+++ Data section +++
Lemma hopf_kernelMsrc b r : B b -> B (b * sG r).
Proof.
move=> Bb; rewrite /hopf_kernel.
apply: fc_trans (teqGH_of_teqG (coprodMsrc hG b r)) _; rewrite -map_comp.
have := teqGH_mapl (f := *%R^~ (sG r)) (fun x y => mulrDl x y _)
  (fun r' g => esym (mulrA _ _ _)) Bb.
by rewrite -map_comp.
Qed.

Lemma hopf_kernel_plus_ker b : Bplus b -> pi b = 0.
Proof.
move=> [Bb eb0]; have := counit_teq hG (srcD hH) (srcM hH) Bb.
rewrite big_cons big_nil /= eb0 (add_morph0 (srcD hH)) mul0r addr0 big_map => <-.
rewrite -{1}(counitl hG b) (add_morph_sum piD); apply: eq_bigr => p _.
by rewrite piM pi_src.
Qed.

Lemma hopf_kernel_sub_counit b : B b -> Bplus (b - sG (eG b)).
Proof.
move=> Bb; split; first exact: hopf_kernelB Bb (hopf_kernel_src _).
by rewrite (add_morphB (counitD hG)) (counit_src hG) subrr.
Qed.

Lemma GBplus0 : GBplus 0.
Proof. by exists [::]; rewrite big_nil. Qed.

Lemma GBplusB x y : GBplus x -> GBplus y -> GBplus (x - y).
Proof.
move=> [gs [gs_Bplus ->]] [gs' [gs'_Bplus ->]].
exists (gs ++ [seq (- p.1, p.2) | p <- gs']); split.
  by move=> p; rewrite mem_cat => /orP [/gs_Bplus //|/mapP [q /gs'_Bplus Bq ->]].
rewrite big_cat big_map -sumrN; congr (_ + _); apply: eq_bigr => p _.
by rewrite mulNr.
Qed.

Lemma GBplusM g b : Bplus b -> GBplus (g * b).
Proof.
move=> Bb; exists [:: (g, b)]; split=> [p|]; last by rewrite big_seq1.
by rewrite inE => /eqP ->.
Qed.

Lemma GBplus_ker x : GBplus x -> pi x = 0.
Proof.
move=> [gs [gs_Bplus ->]]; rewrite (add_morph_sum piD) big_seq big1 // => p /gs_Bplus Bp.
by rewrite piM (hopf_kernel_plus_ker Bp) mulr0.
Qed.

Lemma teqGBG_counit_GBplus u :
  teqGBG tG DG sH pi u [::] -> GBplus (\sum_(q <- u) q.1 * sG (eG q.2)).
Proof.
move=> u0.
have := tens2_eq_sum_mod (F := fun g g' => g * sG (eG g')) GBplus0 GBplusB _ _ _ u0.
rewrite big_nil subr0; apply=> [g' g x|g g' g''|m n m' n' [b [Bb [-> ->]]]].
- by rewrite mulrDl.
- by rewrite (counitD hG) (srcD hG) mulrDr.
rewrite (counitM hG b) -mulrA -mulrBr; apply: GBplusM.
exact/hopf_kernel_sub_counit/hopf_kernelMsrc.
Qed.

Lemma galois_mapE u :
  galois_map DG pi u = [seq (p.1, pi p.2) | p <- right_hopf_map DG u].
Proof.
rewrite /galois_map /right_hopf_map map_flatten -map_comp; congr flatten.
by apply: eq_map => q; rewrite /= -map_comp.
Qed.

Lemma hopf_galois_ker_GBplus :
  (forall w, exists u, teqG sG tG (right_hopf_map DG u) w) ->
  is_hopf_galois tG DG sH pi -> forall x, pi x = 0 -> GBplus x.
Proof.
move=> rhm_onto [galois_inj _] x pix0; have [u u_1x] := rhm_onto [:: (1, x)].
have u0 : teqGBG tG DG sH pi u [::].
  apply/(galois_inj u [::]); rewrite galois_mapE.
  apply: fc_trans (teqGH_of_teqG u_1x) _; rewrite /= pix0.
  by apply: fc_base; apply: t2_zeror.
have := teqGBG_counit_GBplus u0.
rewrite -(counit_right_hopf_map hG) (counit_teq hG (srcD hG) (srcM hG) u_1x).
by rewrite big_seq1 /= (counit1 hG) (src1 hG) mul1r.
Qed.

End HopfKernel.

Unset Implicit Arguments.

Theorem corollary4p12 (k : comPzRingType) (R G H : algType k)
  (sG tG : R -> G) (DG : G -> seq (G * G)) (eG : G -> R)
  (sH tH : R -> H) (DH : H -> seq (H * H)) (eH : H -> R)
  (pi : G -> H) :
  is_right_hopf_algebroid sG tG DG eG ->
  is_right_hopf_algebroid sH tH DH eH ->
  is_bialgebroid_surjection sG tG DG eG sH tH DH eH pi ->
  flat_G_tri tG ->
  ((forall x, pi x = 0 <-> in_GBplus tG DG eG sH pi x) \/
   is_hopf_galois tG DG sH pi) ->
  exists phi : G -> H, Gbar_iso_H sG tG DG eG sH tH DH eH pi phi.
Proof.
move=> [hG [_ rhm_onto]] [hH _] hpi _ ker_GBplus.
have ker_sub x : pi x = 0 -> in_GBplus tG DG eG sH pi x.
  case: ker_GBplus => [/(_ x) [] // | galois].
  exact: hopf_galois_ker_GBplus hG hpi rhm_onto galois x.
have [pi_lin [_ [_ [pi_onto [_ [pi_tgt [pi_coprod pi_counit]]]]]]] := hpi.
exists pi; split; first exact: pi_lin.
split; first exact: GBplus_ker hG hH hpi.
split; first by move=> x y pixy; apply: ker_sub; rewrite (add_morphB (piD hpi)) pixy subrr.
split; first exact: pi_onto.
split; first exact: piM hpi.
split; first by move=> r r' x; rewrite !(piM hpi) (pi_src hpi) pi_tgt.
by split.
Qed.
+++
Task requirements: Take the listing above from its first line through the line containing "rewrite big_nil subr0;", and transcribe that stretch exactly, with no other lines.

Reply:
Lemma hopf_kernelMsrc b r : B b -> B (b * sG r).
Proof.
move=> Bb; rewrite /hopf_kernel.
apply: fc_trans (teqGH_of_teqG (coprodMsrc hG b r)) _; rewrite -map_comp.
have := teqGH_mapl (f := *%R^~ (sG r)) (fun x y => mulrDl x y _)
  (fun r' g => esym (mulrA _ _ _)) Bb.
by rewrite -map_comp.
Qed.

Lemma hopf_kernel_plus_ker b : Bplus b -> pi b = 0.
Proof.
move=> [Bb eb0]; have := counit_teq hG (srcD hH) (srcM hH) Bb.
rewrite big_cons big_nil /= eb0 (add_morph0 (srcD hH)) mul0r addr0 big_map => <-.
rewrite -{1}(counitl hG b) (add_morph_sum piD); apply: eq_bigr => p _.
by rewrite piM pi_src.
Qed.

Lemma hopf_kernel_sub_counit b : B b -> Bplus (b - sG (eG b)).
Proof.
move=> Bb; split; first exact: hopf_kernelB Bb (hopf_kernel_src _).
by rewrite (add_morphB (counitD hG)) (counit_src hG) subrr.
Qed.

Lemma GBplus0 : GBplus 0.
Proof. by exists [::]; rewrite big_nil. Qed.

Lemma GBplusB x y : GBplus x -> GBplus y -> GBplus (x - y).
Proof.
move=> [gs [gs_Bplus ->]] [gs' [gs'_Bplus ->]].
exists (gs ++ [seq (- p.1, p.2) | p <- gs']); split.
  by move=> p; rewrite mem_cat => /orP [/gs_Bplus //|/mapP [q /gs'_Bplus Bq ->]].
rewrite big_cat big_map -sumrN; congr (_ + _); apply: eq_bigr => p _.
by rewrite mulNr.
Qed.

Lemma GBplusM g b : Bplus b -> GBplus (g * b).
Proof.
move=> Bb; exists [:: (g, b)]; split=> [p|]; last by rewrite big_seq1.
by rewrite inE => /eqP ->.
Qed.

Lemma GBplus_ker x : GBplus x -> pi x = 0.
Proof.
move=> [gs [gs_Bplus ->]]; rewrite (add_morph_sum piD) big_seq big1 // => p /gs_Bplus Bp.
by rewrite piM (hopf_kernel_plus_ker Bp) mulr0.
Qed.

Lemma teqGBG_counit_GBplus u :
  teqGBG tG DG sH pi u [::] -> GBplus (\sum_(q <- u) q.1 * sG (eG q.2)).
Proof.
move=> u0.
have := tens2_eq_sum_mod (F := fun g g' => g * sG (eG g')) GBplus0 GBplusB _ _ _ u0.
rewrite big_nil subr0; apply=> [g' g x|g g' g''|m n m' n' [b [Bb [-> ->]]]].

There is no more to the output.